TASK TO COMPLETE — For the records below, the count of lines that hold "first" is required; give only that number.

SUPPLIED INFORMATION —
(* Let $G$ be a finite strongly connected directed graph whose edges carry weight vectors in $\mathbb{Q}^k$, and let $(t_1,\dots,t_k)$ be a vector. If for every $\alpha>0$ there exists a finite cyclic path in $G$ whose average weight is at least $t_i-\alpha$ in every dimension $i$, then there exists an infinite path in $G$ whose mean-payoff vector is at least $(t_1,\dots,t_k)$ in every coordinate.
   Context: A cyclic path is a finite path starting and ending at the same vertex; its average weight in dimension $i$ is the sum of the $i$-th weight coordinates of its edges divided by its length. The mean-payoff vector of an infinite path $e_1e_2\dots$ has $i$-th coordinate $\liminf_{t\to\infty}\frac1t\sum_{s=1}^t w_i(e_s)$. *)

From HB Require Import structures.
From mathcomp Require Import all_boot all_order all_algebra.
From mathcomp Require Import all_classical all_reals.
From mathcomp Require Import topology normedtype sequences.
Set Implicit Arguments. Unset Strict Implicit. Unset Printing Implicit Defensive.
Import Order.TTheory GRing.Theory Num.Theory.
Local Open Scope ring_scope.

(* A finite multi-digraph: vertices V, edges E, with source/target maps.
   Edge weights are vectors in Q^k, given as w : E -> 'I_k -> rat. *)

Fixpoint is_path_from (V E : finType) (src dst : E -> V) (u v : V) (s : seq E) : bool :=
  match s with
  | [::] => u == v
  | e :: s' => (src e == u) && is_path_from src dst (dst e) v s'
  end.

Definition strongly_connected (V E : finType) (src dst : E -> V) : Prop :=
  forall u v : V, exists s : seq E, is_path_from src dst u v s.

Definition is_cycle (V E : finType) (src dst : E -> V) (c : seq E) : Prop :=
  (0 < size c)%N /\ exists u : V, is_path_from src dst u u c.

Definition avg_weight (E : finType) (k : nat) (w : E -> 'I_k -> rat)
  (c : seq E) (i : 'I_k) : rat :=
  (\sum_(e <- c) w e i) / (size c)%:R.

Definition is_inf_path (V E : finType) (src dst : E -> V) (p : nat -> E) : Prop :=
  forall n, dst (p n) = src (p n.+1).

(* mean-payoff in dimension i: liminf_{t->oo} (1/t) sum_{s=1}^t w_i(e_s),
   taken in the extended reals; here index n corresponds to t = n+1 *)
Definition mean_payoff (R : realType) (E : finType) (k : nat)
  (w : E -> 'I_k -> rat) (p : nat -> E) (i : 'I_k) : \bar R :=
  limn_einf (fun n : nat =>
    ((ratr (\sum_(s < n.+1) w (p s) i) : R) / n.+1%:R)%:E).

From HB Require Import structures.
From mathcomp Require Import all_boot all_order all_algebra.
From mathcomp Require Import all_classical all_reals.
From mathcomp Require Import topology normedtype sequences ereal.
From mathcomp Require Import zify lra.
Import Order.TTheory GRing.Theory Num.Theory.
Set Implicit Arguments. Unset Strict Implicit.

(* For every n pick a cycle whose averages are all above t - 1/(n+1).  Finitely
   many vertices means infinitely many of these cycles share a base vertex, so
   after passing to a subsequence all cycles C_n are closed at one vertex v.  The infinite path is the
   concatenation whose J-th block is C_n for the largest n <= J with
   (n+1) |C_n| <= J.  Along the blocks n tends to infinity, hence eventually
   each block has averages above t - eps and is at most eps times as long as
   the prefix before it, so cutting the path inside a block moves the running
   average by O(eps) only. *)

Section Blocks.
Variables (E : Type) (D : nat -> seq E).

Definition blocks_prefix N := flatten (mkseq D N).

Lemma blocks_prefixS N : blocks_prefix N.+1 = blocks_prefix N ++ D N.
Proof. by rewrite /blocks_prefix mkseqS flatten_rcons. Qed.

Lemma blocks_prefix_ext N M : N <= M ->
  exists s, blocks_prefix M = blocks_prefix N ++ s.
Proof.
move=> /subnK <-; elim: (M - N) => [|d [s defM]]; first by exists [::]; rewrite cats0.
by exists (s ++ D (d + N)); rewrite addSn blocks_prefixS defM catA.
Qed.

Hypothesis D_neq0 : forall J, 0 < size (D J).

Lemma size_blocks_prefix_ge N : N <= size (blocks_prefix N).
Proof.
elim: N => // N IH; rewrite blocks_prefixS size_cat -addn1.
exact: leq_add IH (D_neq0 N).
Qed.

Variable e0 : E.

Definition concat_blocks x := nth e0 (blocks_prefix x.+1) x.

Lemma concat_blocksE N x : x < size (blocks_prefix N) ->
  concat_blocks x = nth e0 (blocks_prefix N) x.
Proof.
move=> xN; have x1 : x < size (blocks_prefix x.+1).
  exact: leq_trans (size_blocks_prefix_ge _).
rewrite /concat_blocks.
by case: (leqP N x.+1) => [|/ltnW] /blocks_prefix_ext[s ->]; rewrite nth_cat ?xN ?x1.
Qed.

Lemma concat_blocks_shift J s : s < size (D J) ->
  concat_blocks (size (blocks_prefix J) + s) = nth e0 (D J) s.
Proof.
move=> sJ; have lt_sJ : size (blocks_prefix J) + s < size (blocks_prefix J.+1).
  by rewrite blocks_prefixS size_cat ltn_add2l.
by rewrite (concat_blocksE lt_sJ) blocks_prefixS nth_cat ltnNge leq_addr /= addKn.
Qed.

Lemma sum_concat_blocks (R : nmodType) (f : E -> R) J :
  (\sum_(size (blocks_prefix J) <= s < size (blocks_prefix J.+1)) f (concat_blocks s)
   = \sum_(e <- D J) f e)%R.
Proof.
rewrite blocks_prefixS size_cat -{1}[size (blocks_prefix J)]add0n big_addn addKn.
rewrite (big_nth e0) big_mkord [RHS]big_mkord; apply: eq_bigr => s _.
by rewrite addnC concat_blocks_shift.
Qed.

End Blocks.

Section ClosedPaths.
Variables (V E : finType) (src dst : E -> V).

Lemma is_path_from_cat u v x s1 s2 :
  is_path_from src dst u v s1 -> is_path_from src dst v x s2 ->
  is_path_from src dst u x (s1 ++ s2).
Proof.
elim: s1 u => [|e s1 IH] u /=; first by move=> /eqP ->.
by move=> /andP[-> p1] p2; apply: IH.
Qed.

Lemma is_path_from_link u v s e0 i : is_path_from src dst u v s -> i.+1 < size s ->
  dst (nth e0 s i) = src (nth e0 s i.+1).
Proof.
elim: s u i => [|e s IH] u [|i] //=; last by move=> /andP[_ p] ?; apply: IH p _.
by case: s {IH} => //= e' s /andP[_ /andP[/eqP -> _]].
Qed.

Lemma is_path_from_blocks_prefix v (D : nat -> seq E) N :
  (forall J, is_path_from src dst v v (D J)) ->
  is_path_from src dst v v (blocks_prefix D N).
Proof.
move=> closedD; elim: N => [|N IH]; first exact: eqxx.
by rewrite blocks_prefixS; apply: is_path_from_cat IH (closedD N).
Qed.

Lemma is_inf_path_concat_blocks v (D : nat -> seq E) e0 :
  (forall J, 0 < size (D J)) -> (forall J, is_path_from src dst v v (D J)) ->
  is_inf_path src dst (concat_blocks D e0).
Proof.
move=> D_neq0 closedD x.
have x2 : x.+1 < size (blocks_prefix D x.+2).
  exact: leq_trans (size_blocks_prefix_ge D_neq0 _).
rewrite (concat_blocksE D_neq0 e0 x2) (concat_blocksE D_neq0 e0 (ltnW x2)).
exact: is_path_from_link (is_path_from_blocks_prefix _ closedD) x2.
Qed.

End ClosedPaths.

Lemma increasing_bracket (b : nat -> nat) J0 T :
  (forall J, b J < b J.+1) -> b J0 <= T -> exists2 J, J0 <= J & b J <= T < b J.+1.
Proof.
move=> b_incr; elim: T => [|T IH] bJ0T.
  by exists J0; rewrite // bJ0T (leq_ltn_trans (leq0n _) (b_incr J0)).
case: (leqP (b J0) T) => [/IH [J J0J /andP[bJT T_lt]] | T_lt]; last first.
  by exists J0; rewrite // bJ0T (leq_ltn_trans T_lt (b_incr J0)).
have := b_incr J.+1; case: (ltnP T.+1 (b J.+1)) => T1_lt.
  by exists J; rewrite // T1_lt leqW.
by exists J.+1; [exact: leqW | lia].
Qed.

Local Open Scope ring_scope.

Lemma le_limn_einf_EFin (R : realType) (u : nat -> R) (a : R) :
  (forall e, 0 < e -> exists N, forall n, (N <= n)%N -> a - e <= u n) ->
  (a%:E <= limn_einf (fun n => (u n)%:E))%E.
Proof.
move=> ev_ge; rewrite limn_einf_lim; apply/lee_subgt0Pr => e e_gt0.
have [N uN] := ev_ge e e_gt0.
apply: lime_ge; first exact: is_cvg_einfs.
exists N => // n /= Nn; apply: le_ereal_inf_tmp => _ [k /= nk <-].
by rewrite -EFinB lee_fin uN // (leq_trans Nn nk).
Qed.

Section BlockAverage.
Variables (R : realType) (x : nat -> R) (b : nat -> nat) (a m : R).
Hypothesis x_ge : forall s, m <= x s.
Hypothesis b_incr : forall J, (b J < b J.+1)%N.

Local Notation S T := (\sum_(0 <= s < T) x s).

Lemma sum_blocks_ge eps J0 J :
  (forall J, (J0 <= J)%N ->
     (a - eps) * ((b J.+1)%:R - (b J)%:R) <= \sum_(b J <= s < b J.+1) x s) ->
  (J0 <= J)%N -> (a - eps) * ((b J)%:R - (b J0)%:R) + S (b J0) <= S (b J).
Proof.
move=> good /subnK <-; elim: (J - J0)%N => [|d IH]; first by rewrite subrr mulr0 add0r.
have := good _ (leq_addl d J0).
rewrite addSn (big_cat_nat (leq0n _) (ltnW (b_incr _))) /=.
move: IH; set u := (b (d + J0))%:R; set v := (b (d + J0).+1)%:R.
by rewrite !mulrBr; lra.
Qed.

Hypothesis blocks_good : forall eps, 0 < eps -> exists J0, forall J, (J0 <= J)%N ->
  (a - eps) * ((b J.+1)%:R - (b J)%:R) <= \sum_(b J <= s < b J.+1) x s /\
  (b J.+1)%:R - (b J)%:R <= eps * (b J)%:R.

Lemma sum_ge_eventually eta : 0 < eta ->
  exists T0, forall T, (T0 <= T)%N -> (a - eta) * T%:R <= S T.
Proof.
move=> eta_gt0; set c := 2 + `|a| + `|m|.
have c_gt0 : 0 < c by rewrite /c; have := normr_ge0 a; have := normr_ge0 m; lra.
pose eps := eta / c; have eps_gt0 : 0 < eps by exact: divr_gt0.
have eta_eps : eta = eps * c by rewrite /eps divfK ?gt_eqF.
have [J0 good] := blocks_good eps_gt0.
(* [K] absorbs the blocks before [J0], about which nothing is known. *)
pose K := (a - eps) * (b J0)%:R - S (b J0).
exists (maxn (b J0) (Num.truncn (K / eps)).+1) => T; rewrite geq_max => /andP[bJ0T KT].
have [J J0J /andP[bJT T_lt]] := increasing_bracket b_incr bJ0T.
have head := sum_blocks_ge (fun J h => (good J h).1) J0J.
pose r : R := T%:R - (b J)%:R.
have tail : S (b J) + m * r <= S T.
  rewrite (big_cat_nat (leq0n _) bJT) /= lerD2l.
  have : \sum_(b J <= s < T) m <= \sum_(b J <= s < T) x s.
    by apply: ler_sum_nat => s _; exact: x_ge.
  by rewrite sumr_const_nat -mulr_natr natrB // mulrC.
have r_ge0 : 0 <= r by rewrite subr_ge0 ler_nat.
have r_small : r <= eps * T%:R.
  apply: le_trans (ler_wpM2l (ltW eps_gt0) (_ : (b J)%:R <= T%:R)); last by rewrite ler_nat.
  apply: le_trans (good J J0J).2; rewrite lerD2r ler_nat; exact: ltnW.
have K_small : K <= eps * T%:R.
  rewrite mulrC -ler_pdivrMr //; apply: ltW; apply: lt_le_trans (truncnS_gt _) _.
  by rewrite ler_nat.
have a_r : a * r <= `|a| * (eps * T%:R).
  by apply: le_trans (ler_wpM2l (normr_ge0 a) r_small); rewrite ler_wpM2r // ler_norm.
have m_r : - `|m| * (eps * T%:R) <= m * r.
  rewrite mulNr lerNl -mulNr; apply: le_trans (ler_wpM2l (normr_ge0 m) r_small).
  by rewrite ler_wpM2r // -normrN ler_norm.
have eps_r : 0 <= eps * r by apply: mulr_ge0 (ltW eps_gt0) r_ge0.
move: head tail K_small a_r m_r eps_r; rewrite eta_eps /c /r /K; lra.
Qed.

Lemma limn_einf_average_ge :
  (a%:E <= limn_einf (fun n => ((\sum_(s < n.+1) x s) / n.+1%:R)%:E))%E.
Proof.
apply: le_limn_einf_EFin => eta /sum_ge_eventually[T0 ST].
by exists T0 => n T0n; rewrite ler_pdivlMr // -(big_mkord xpredT x) ST // leqW.
Qed.

End BlockAverage.

(* Defaults to [0] when no index qualifies. *)
Definition short_index (len : nat -> nat) J := (\max_(n < J.+1 | n.+1 * len n <= J) n)%N.

Lemma short_index_ge (len : nat -> nat) N J :
  (N <= J)%N -> (N.+1 * len N <= J)%N -> (N <= short_index len J)%N.
Proof.
move=> NJ shortN; rewrite -ltnS in NJ.
exact: (@leq_bigmax_cond _ (fun n : 'I_J.+1 => n.+1 * len n <= J)%N _ (Ordinal NJ)).
Qed.

Lemma short_index_short (len : nat -> nat) N J :
  (N <= J)%N -> (N.+1 * len N <= J)%N ->
  ((short_index len J).+1 * len (short_index len J) <= J)%N.
Proof.
move=> NJ shortN; rewrite -ltnS in NJ.
rewrite /short_index (bigop.bigmax_eq_arg (Ordinal NJ)) //.
by case: arg_maxnP.
Qed.

Section ShortCycleConcatenation.
Variables (R : realType) (E : Type) (e0 : E) (C : nat -> seq E) (f : E -> R) (a m : R).
Hypothesis C_neq0 : forall n, (0 < size (C n))%N.
Hypothesis C_avg : forall n, (a - n.+1%:R^-1) * (size (C n))%:R <= \sum_(e <- C n) f e.
Hypothesis f_ge : forall e, m <= f e.

Definition short_cycle J := C (short_index (fun n => size (C n)) J).

Lemma limn_einf_short_cycles_ge :
  (a%:E <= limn_einf (fun n =>
     ((\sum_(s < n.+1) f (concat_blocks short_cycle e0 s)) / n.+1%:R)%:E))%E.
Proof.
have D_neq0 J : (0 < size (short_cycle J))%N by exact: C_neq0.
pose b J := size (blocks_prefix short_cycle J).
have block_len J : (b J.+1)%:R - (b J)%:R = (size (short_cycle J))%:R :> R.
  by rewrite /b blocks_prefixS size_cat natrD addrAC subrr add0r.
apply: (limn_einf_average_ge (x := f \o concat_blocks short_cycle e0) (m := m) (b := b)).
- by move=> s; exact: f_ge.
- by move=> J; rewrite /b blocks_prefixS size_cat -addn1 leq_add2l.
move=> eps eps_gt0.
pose N := Num.truncn eps^-1.
exists (N + N.+1 * size (C N))%N => J J0J.
have [NJ shortN] : (N <= J)%N /\ (N.+1 * size (C N) <= J)%N by split; lia.
pose n := short_index (fun n => size (C n)) J.
have Nn : (N <= n)%N by exact: short_index_ge.
have short_n : (n.+1 * size (C n) <= J)%N by exact: short_index_short shortN.
have inv_n : n.+1%:R^-1 <= eps.
  rewrite -[leRHS]invrK lef_pV2 ?posrE ?invr_gt0 // ltW //.
  by rewrite -truncn_le_nat.
rewrite block_len sum_concat_blocks // /short_cycle -/n; split.
  by apply: le_trans (C_avg n); rewrite ler_wpM2r // lerB // lerN2.
have len_n : (size (C n))%:R <= n.+1%:R^-1 * J%:R :> R.
  by rewrite ler_pdivlMl ?ltr0Sn // -natrM ler_nat.
apply: le_trans len_n (ler_pM _ _ inv_n _) => //.
by rewrite ler_nat; exact: size_blocks_prefix_ge.
Qed.
End ShortCycleConcatenation.

Lemma recurrent_value (V : finType) (u : nat -> V) :
  exists v, forall n, exists m, (n <= m)%N /\ u m = v.
Proof.
apply: contrapT => /forallNP never.
have /choice[N uN] : forall v, exists N, forall m, (N <= m)%N -> u m <> v.
  move=> v; have /existsNP[N uN] := never v.
  by exists N => m Nm umv; apply: uN; exists m.
exact: (uN (u (\max_v N v)%N) _ (leq_bigmax _)).
Qed.

Lemma cycles_at_common_vertex (R : realType) (V E : finType) (src dst : E -> V) (k : nat)
    (w : E -> 'I_k -> rat) (t : 'I_k -> R) :
  (forall alpha : R, 0 < alpha -> exists c : seq E, is_cycle src dst c /\
     forall i : 'I_k, t i - alpha <= ratr (avg_weight w c i)) ->
  exists v (C : nat -> seq E), [/\ forall n, (0 < size (C n))%N,
    forall n, is_path_from src dst v v (C n) &
    forall n i, (t i - n.+1%:R^-1) * (size (C n))%:R <= \sum_(e <- C n) ratr (w e i)].
Proof.
move=> near_cycles.
have /choice[cu cuP] : forall n : nat, exists cu : seq E * V,
    [/\ (0 < size cu.1)%N, is_path_from src dst cu.2 cu.2 cu.1 &
        forall i, t i - n.+1%:R^-1 <= ratr (avg_weight w cu.1 i)].
  move=> n; have [|c [[c_neq0 [u cu]] c_avg]] := near_cycles n.+1%:R^-1.
    by rewrite invr_gt0 ltr0Sn.
  by exists (c, u).
have [v /choice[g gP]] := recurrent_value (fun n => (cu n).2).
exists v, (fun n => (cu (g n)).1); split=> [n|n|n i]; have [ng cu_v] := gP n.
- by have [] := cuP (g n).
- by have [_ + _] := cuP (g n); rewrite cu_v.
have [c_neq0 _ /(_ i)] := cuP (g n).
rewrite /avg_weight fmorph_div rmorph_nat rmorph_sum -ler_pdivlMr ?ltr0n //.
apply: le_trans; rewrite lerD2l lerN2 lef_pV2 ?posrE ?ltr0Sn // ler_nat ltnS //.
Qed.

Theorem lemma5 (R : realType) (V E : finType) (src dst : E -> V) (k : nat)
  (w : E -> 'I_k -> rat) (t : 'I_k -> R) :
  strongly_connected src dst ->
  (forall alpha : R, 0 < alpha ->
     exists c : seq E, is_cycle src dst c /\
       forall i : 'I_k, t i - alpha <= ratr (avg_weight w c i)) ->
  exists p : nat -> E, is_inf_path src dst p /\
    forall i : 'I_k, ((t i)%:E <= mean_payoff R w p i)%E.
Proof.
move=> _ /cycles_at_common_vertex[v [C [C_neq0 C_closed C_avg]]].
have [e0 _] : exists e : E, true by case: (C 0%N) (C_neq0 0%N) => // e; exists e.
exists (concat_blocks (short_cycle C) e0); split.
  by apply: (is_inf_path_concat_blocks (v := v)) => J; [exact: C_neq0 | exact: C_closed].
move=> i; rewrite /mean_payoff; under eq_fun do rewrite rmorph_sum.
have w_ge e : - \sum_e' `|ratr (w e' i) : R| <= ratr (w e i).
  rewrite lerNl (bigD1 e) //= -[leLHS]addr0 -normrN lerD ?ler_norm //.
  exact: sumr_ge0.
exact: limn_einf_short_cycles_ge C_neq0 (C_avg^~ i) w_ge.
Qed.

ANSWER AREA — 6